Doesn’t the above photo remind you of the Grand Budapest Hotel? If so, you’re not imagining things as the hotel in the movie was partly modelled upon the Palace Bristol Hotel and the Grandhotel Pupp in Karlovy Vary. If you have no idea what I’m talking about, go rent the DVD now! It’s one of my favourite movies for the year!
3. Kutna Hora and Sedlec
Kutna Hora and the neighbouring town of Sedlec are just under 100km east of Prague. Both are also UNESCO World Heritage sites.
Kutna Hora is best known for the magnificent Gothic style Cathedral of St Barbara, with its rows of flying buttresses. Unfortunately, these were covered by scaffolding on the occasion of my visit.
No matter, because what I had really gone to see was the Sedlec Ossuary, colloquially known as the Bone Church, for it is estimated to contain the skeletons of somewhere between 40 000 to 70 000 people, whose bones have been used to form macabre furnishings and decorations within. This is possibly not for the faint hearted, as you are immediately greeted at the front step by an enormous chandelier containing at least 1 of every bone in the human body. I thought it was fascinating!
4. Hluboka Castle
Hluboka Castle is situated about 150km south of Prague and can be visited en route to Cesky Krumlov though this is only advised if you’re planning to overnight at the latter. I think it is one of the most beautiful castles I have ever seen. It was reconstructed during the 19th century to emulate the style of Windsor Castle, but I think the white walls make it look more appealing and inviting compared to its English counterpart.
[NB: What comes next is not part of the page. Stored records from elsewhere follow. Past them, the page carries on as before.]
Lemma X_chain x l l' : X x -> (l <= l')%N -> x l' `<=` x l.
Proof.
move=> Xx /subnKC <-; elim: (l' - l)%N => [|k IH]; first by rewrite addn0.
by rewrite addnS; apply: subset_trans IH; case: (Xx (l + k)%N).
Qed.

Lemma X_rep x l k : X x -> x l k -> x l = lcoset (Gam l) k.
Proof.
move=> Xx xlk; have [k' xlE] := X_coset Xx l; rewrite xlE in xlk *.
exact: lcoset_in xlk.
Qed.

Definition pt (k : Heis) : Pt := fun l => lcoset (Gam l) k.

Lemma pt_in k : X (pt k).
Proof. by move=> l; split; [exists k | exact: lcoset_sub]. Qed.

Lemma act_pt g k : act g (pt k) = pt (hmul g k).
Proof. by apply: funext => l; rewrite /act /pt act_lcoset. Qed.

Lemma act1 x : act hone x = x.
Proof.
apply: funext => l; apply/seteqP; split => y; first by case=> h xh <-; rewrite hmul1l.
by move=> xy; exists y => //; rewrite hmul1l.
Qed.

Lemma pt_inj : (forall x, (forall l, Gam l x) -> x = hone) -> injective pt.
Proof.
move=> Gam_cap g k gk.
have gVk : hmul (hinv g) k = hone.
  by apply: Gam_cap => l; apply/(lcoset_eqP (Gam_subgroup l)); rewrite -/(pt g l) gk.
by rewrite -[k]hmul1l -(hmulVr g) hmulA gVk hmul1r.
Qed.

Lemma open_meets_orbit U : is_open X U -> U !=set0 -> exists k, U (pt k).
Proof.
move=> [UX Uo] [x Ux]; have Xx := UX _ Ux; have [n Un] := Uo x Ux.
have [k xnE] := X_coset Xx n; exists k; apply: Un; first exact: pt_in.
move=> l ln; apply: X_rep => //; apply: (X_chain Xx (ltnW ln)).
by rewrite xnE; exact: lcoset_self.
Qed.

Lemma topologically_free_chain :
  (forall x, (forall l, Gam l x) -> x = hone) -> topologically_free X.
Proof.
move=> Gam_cap g [x [_ gx]] [U [Uo [U0 Ufix]]].
have [k Uk] := open_meets_orbit Uo U0.
have := Ufix _ Uk; rewrite act_pt => /(pt_inj Gam_cap) gkk.
apply: gx; suff -> : g = hone by rewrite act1.
by rewrite -[g]hmul1r -(hmulVr k) -hmulA gkk.
Qed.

Definition cyl n (x : Pt) : set Pt := [set y | X y /\ agree n x y].

Lemma cyl_open n x : is_open X (cyl n x).
Proof.
split=> [y [] //|y [Xy xy]]; exists n => z Xz yz; split=> // l ln.
by rewrite (xy l ln) (yz l ln).
Qed.

Lemma cyl_diam n x : diam (cyl n.+1 x) <= ((2 : Rdefinitions.R) ^+ n.+1)^-1.
Proof.
apply: sup_le_nonneg; first exact: inv_pow2_ge0.
move=> _ [y [_ xy] [z [_ xz] <-]]; apply: dist_le => l ln.
by rewrite -(xy l ln) (xz l ln).
Qed.

Lemma cyl_sub n x : cyl n.+1 x `<=` cyl n x.
Proof. by move=> y [Xy xy]; split=> // l ln; apply: xy; exact: ltnW. Qed.

Lemma cyl_base_rep m x : cyl m.+1 (pt hone) x ->
  forall l, exists2 k, x l = lcoset (Gam l) k & Gam m k.
Proof.
move=> [Xx x1] l; have [lm | ml] := leqP l m.
  by exists hone; [rewrite -(x1 l lm) | case: (Gam_subgroup m)].
have [k xlE] := X_coset Xx l; exists k => //.
have : x m k by apply: (X_chain Xx (ltnW ml)); rewrite xlE; exact: lcoset_self.
by rewrite -(x1 m (ltnSn m)) /pt lcoset1.
Qed.

(* Levelwise translation by a sequence (g_l): the l-th coordinate is moved by
   g_l.  Coherence of (g_l) means that g_L acts like g_m on level m, m <= L. *)
Definition translate (gs : nat -> Heis) (x : Pt) : Pt :=
  fun l => [set hmul (gs l) h | h in x l].

Definition coherent (gs : nat -> Heis) : Prop := forall m L k, (m <= L)%N ->
  Gam m (hmul (hinv (hmul (gs m) k)) (hmul (gs L) k)).

Lemma translate_coset gs x l k :
  x l = lcoset (Gam l) k -> translate gs x l = lcoset (Gam l) (hmul (gs l) k).
Proof. by move=> xlE; rewrite /translate xlE act_lcoset. Qed.

Lemma translate_in gs x : coherent gs -> X x -> X (translate gs x).
Proof.
move=> gs_coh Xx l; split.
  by have [k xlE] := X_coset Xx l; exists (hmul (gs l) k); exact: translate_coset.
have [k xSE] := X_coset Xx l.+1.
have xlk : x l k.
  by apply: (X_chain Xx (leqnSn l)); rewrite xSE; exact: lcoset_self.
rewrite (translate_coset gs xSE) (translate_coset gs (X_rep Xx xlk)).
rewrite (proj2 (lcoset_eqP (Gam_subgroup l) _ _) (gs_coh l l.+1 k (leqnSn l))).
exact: lcoset_sub.
Qed.

Lemma translate_level gs x m L : coherent gs -> X x -> (m <= L)%N ->
  translate gs x m = act (gs L) x m.
Proof.
move=> gs_coh Xx mL; have [k xmE] := X_coset Xx m.
change (translate gs x m = translate (fun=> gs L) x m).
rewrite (translate_coset gs xmE) (translate_coset (fun=> gs L) xmE).
exact/(lcoset_eqP (Gam_subgroup m))/gs_coh.
Qed.

Lemma translateK gs : cancel (translate gs) (translate (fun l => hinv (gs l))).
Proof.
move=> x; apply: funext => l; apply/seteqP; split => y.
  by case=> _ [h xh <-] <-; rewrite -hmulA hmulVl hmul1l.
by move=> xy; exists (hmul (gs l) y); [exists y | rewrite -hmulA hmulVl hmul1l].
Qed.

Lemma translate_cont gs : coherent gs -> continuous_on X (translate gs).
Proof.
move=> gs_coh U [UX Uo]; split=> [x [] //|x [Xx Ux]].
have [n Un] := Uo _ Ux; exists n => y Xy xy; split=> //.
by apply: Un; [exact: translate_in | move=> l ln; rewrite /translate (xy l ln)].
Qed.

(* A coherent sequence with coherent inverses defines an element of the
   closure of the action: it is uniformly approximated by act (gs L). *)
Lemma translate_closure gs : coherent gs -> coherent (fun l => hinv (gs l)) ->
  closure_group X (translate gs).
Proof.
move=> gs_coh gsV_coh; split.
  split=> [x|]; first exact: translate_in.
  exists (translate (fun l => hinv (gs l))); split=> [x|]; first exact: translate_in.
  split=> [x _|]; first exact: translateK.
  split=> [x _|]; last by split; apply: translate_cont.
  have := translateK (fun l => hinv (gs l)) x.
  by have -> : (fun l => hinv (hinv (gs l))) = gs by apply: funext => l; rewrite hinvK.
move=> e e_gt0; have [L Le] := inv_pow2_small e_gt0; exists (gs L).
apply: le_lt_trans Le; apply: sup_le_nonneg; first exact: inv_pow2_ge0.
move=> _ [x Xx <-]; apply: dist_le => m mL; exact: translate_level.
Qed.

Lemma coherent_const g : coherent (fun=> g).
Proof. by move=> m L k _; rewrite hmulVl; case: (Gam_subgroup m). Qed.

Lemma act_closure g : closure_group X (act g).
Proof. exact: translate_closure (coherent_const g) (coherent_const (hinv g)). Qed.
A visit to Hluboka Castle can also be combined with a visit to the pretty town of Ceske Budejovice (pronounced chess-key boo-dare-hoe-vit-sir), home of Budweiser Budvar Brewery.
5. Konopiste and Karlstejn
Approximately 50km southeast from Prague is Konopiste (pronounced ko-no-pish-tay), a chateau famous for being the last residence of Archduke Franz Ferdinand of Austria before his assassination in Sarajevo triggered World War I. Today, this history making bullet can be viewed at the chateau’s museum, together with a large collection of antlers, for the Archduke was an avid hunter. Somewhat ironic, don’t you think? Even if hunting isn’t your game, I think the chateau is still worth a visit, if not for the historical significance, then for the fact that it is somewhat romantically nestled within a small woods.
Roughly 30km southwest of Prague, the Gothic Karlstejn (pronounced karl-shteen) Castle rises imposingly over the surrounding countryside. This castle housed the Bohemian Crown Jewels and other treasures. Today, this is a fun castle to visit for the drawbridges, ramparts and battlements, not to mention the great views from up there. Though it is in the opposite direction to Konopiste, both can be visited in 1 day due to the proximity to Prague.
Which of these locations appeal to you most? Do you know of any other must-sees near Prague?